Mangudya last week announced a $200 million foreign exchange stabilisation and incentive support facility to provide a 5% incentive on all foreign exchange receipts including tobacco and gold sales proceeds. Qualifying foreign exchange earners would be paid in bond coins and notes, which would be introduced in denominations of $2, $5, $10 and $20. The move to introduce bond notes has raised fears that government wants to revive the Zimbabwean dollar rejected in favour of the multicurrency regime in 2009. The local unit was eventually retired last year.

Renowned economist, Ashok Chakravarti told the meeting Zimbabwe should follow practices that have been implemented before by countries that had more imports than exports.

"The bond issue is not the issue here. Remove the necessity of the bond notes or the return of the Zimbabwe dollar by the back door. Bond notes are the wrong way to go. Make the import tax of 3%, 4% 5% that's revenues for government," he said.

Chakravarti said the economy needed to be regulated since it has been over-liberalised leading to the externalisation of close to $2 billion.

He said liquidity would increase gradually if the withdrawal limits start at $200.

Chakravarti said the economy has excess demand, which was fuelled by over expenditure by government.

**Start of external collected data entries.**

Lemma dot_frob_t_frob2 : dot (map_mx frob t) (sigma t) = 0.
Proof. by rewrite map_frob2 map_dot dotC dot_frob_t rmorph0. Qed.

(* No F_{p^2}-rational line passes through [t]. *)
Lemma fixed_orthogonal_t_eq0 a : sigma a = a -> dot a t = 0 -> a = 0.
Proof.
move=> fa at0; apply/eqP/negP => /negP a0.
have at1 : dot a (sigma t) = 0 by rewrite -fa map_dot at0 rmorph0.
have [/(cross_eq0_colinear a0) [l tl] | au0] := eqVneq (cross a (map_mx frob t)) 0.
  have [mu frob_mu] := frob_surj l.
  have t_mu : t = mu *: map_mx frob a.
    by apply: (map_mx_inj (f := frob)); rewrite tl -frob_mu map_mxZ -map_frob2 fa.
  have fa0 : map_mx frob a != 0 by rewrite map_mx_eq0.
  have mu0 : mu != 0 by apply: contraNneq t_neq0 => mu0; rewrite t_mu mu0 scale0r.
  apply: (@fixed_neq_multiple_t _ mu^-1 fa0).
    by rewrite -[in RHS]fa !map_frob2.
  by rewrite t_mu scalerA mulVf ?scale1r.
have [mu ft] := orthogonal2_colinear au0 t_neq0 at1 dot_frob_t_frob2 at0 dot_frob_t.
exact: frob2_t_not_colinear ft.
Qed.

Lemma fixed_mx_annihilating_t_eq0 (M : 'M[k]_3) : sigma M = M -> M *m t = 0 -> M = 0.
Proof.
move=> fM /matrixP Mt; apply/row_matrixP => i; rewrite row0; apply: trmx_inj.
rewrite trmx0; apply: fixed_orthogonal_t_eq0.
  by rewrite -map_trmx map_row fM.
by move: (Mt i 0); rewrite !mxE => <-; apply: eq_bigr => j _; rewrite !mxE.
Qed.

Definition orbit n := iter n sigma t.

Definition orbit_mx : 'M[k]_3 := \matrix_(i, j) orbit j i 0.

Lemma orbitS n : orbit n.+1 = sigma (orbit n).
Proof. by []. Qed.

Lemma orbit_neq0 n : orbit n != 0.
Proof. by elim: n => [|n IH] //; rewrite orbitS map_mx_eq0. Qed.

Lemma orbit_mxE (v : 'cV[k]_3) : orbit_mx *m v = \sum_(i < 3) v i 0 *: orbit i.
Proof.
apply/matrixP => i j; rewrite (ord1 j) !mxE summxE.
by apply: eq_bigr => l _; rewrite !mxE mulrC.
Qed.

Lemma cross_t_frob2_neq0 : cross t (sigma t) != 0.
Proof.
apply/negP => /eqP /(cross_eq0_colinear t_neq0) [c ft].
exact: frob2_t_not_colinear ft.
Qed.

(* If [v] were orthogonal to the whole orbit, it would be proportional to
   [frob t]; then [frob t] and [sigma (frob t)] would both be orthogonal to
   [sigma t] and [sigma^2 t], producing a rational line through [t]. *)
Lemma orbit_mx_unit : orbit_mx \in unitmx.
Proof.
rewrite unitmxE unitfE; apply/negP => /det0P [v v0 vT].
have v_orth (j : 'I_3) : dot (orbit j) v^T = 0.
  move/matrixP: vT => /(_ 0 j); rewrite !mxE => <-.
  by apply: eq_bigr => l _; rewrite !mxE mulrC.
set u := map_mx frob t.
have tu : dot t u = 0 by rewrite dotC dot_frob_t.
have t1u : dot (sigma t) u = 0 by rewrite dotC dot_frob_t_frob2.
have vT0 : v^T != 0 by rewrite trmx_eq0.
have [c uv] := orthogonal2_colinear cross_t_frob2_neq0 vT0 tu t1u (v_orth o0) (v_orth o1).
have t2u : dot (orbit 2) u = 0 by rewrite dotC uv dotZl dotC (v_orth o2) mulr0.
have cross12 : cross (orbit 1) (orbit 2) != 0.
  by rewrite !orbitS map_cross map_mx_eq0 cross_t_frob2_neq0.
have u0 : u != 0 by rewrite map_mx_eq0.
have t1fu : dot (orbit 1) (sigma u) = 0 by rewrite map_dot tu rmorph0.
have t2fu : dot (orbit 2) (sigma u) = 0 by rewrite orbitS map_dot t1u rmorph0.
have [mu fu] := orthogonal2_colinear cross12 u0 t1fu t2fu t1u t2u.
have [nu nu0 fnu] := frob2_eigenvector_rescale u0 fu.
have nu_u_orth : dot (nu *: u) t = 0 by rewrite dotZl dot_frob_t mulr0.
have /eqP := fixed_orthogonal_t_eq0 fnu nu_u_orth.
by rewrite scaler_eq0 (negPf nu0) (negPf u0).
Qed.

Lemma orbit_mx_mul_eq0 (v : 'cV[k]_3) : orbit_mx *m v = 0 -> v = 0.
Proof. by move/(congr1 (mulmx (invmx orbit_mx))); rewrite mulKmx ?orbit_mx_unit ?mulmx0. Qed.

Lemma orbit2_not_colinear c : orbit 2 <> c *: t.
Proof.
move=> o2t; pose v : 'cV[k]_3 := \col_i [:: c; 0; -1]`_i.
have /matrixP/(_ o2 0) : v = 0.
  apply: orbit_mx_mul_eq0; rewrite orbit_mxE big_ord3 o2t !mxE /=.
  by rewrite scale0r addr0 scaleN1r subrr.
by rewrite !mxE /= => /eqP; rewrite oppr_eq0 oner_eq0.
Qed.

Definition orbit3_coord := invmx orbit_mx *m orbit 3.

Lemma orbit3_decomp : orbit 3 = \sum_(i < 3) orbit3_coord i 0 *: orbit i.
Proof. by rewrite -orbit_mxE mulKVmx ?orbit_mx_unit. Qed.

"Stop printing Treasury Bills (TBs). If you look at demand deposits $4,5 billion and the $2 billion Treasury Bills, you cannot have the TBs control excess demand," he said.

But Mangudya said TBs were issued to pay the debts of $1,4 billion incurred by RBZ. He said the problem was not of the TBs but that money was not circulating in the economy.

He said the bond notes would not be printed in Zimbabwe and he has no appetite to do any action that jeopardises the economy.

"The money is on request by banks that are doing exports and also the facility they also want to know about it so that what is printed is not above the limits. They (Afreximbank) are a Triple B-rated bank, this is different," he said.

Economist, Brains Muchemwa said people should not be forced to accept bond notes because the economy was not ready for such a message.

"Zimbabweans are used to putting controls here and there, but history tells us that controls never worked. We have tombstones for controls such as National Income Pricing Commission, parallel market and they all failed. The control mentality never really worked in this market," he said.

Industrialist, Lovemore Mukono said the government should reconsider the decision to bring bond notes, adding that exporters should instead be assisted by stopping the importation of cheap poor quality products that were finding their way into the economy.

Mangudya said the economists were agreeing on rewarding exporters, but increasing the import duty would mean an increase in prices and inflation.

"If we put 3% import tax on companies, this will increase prices and also bring inflation. We are saying we have listened. Let's continue engaging so that they see why bond notes are superior to what they are saying. Let's have bond notes because they have no impact on increasing prices," he said.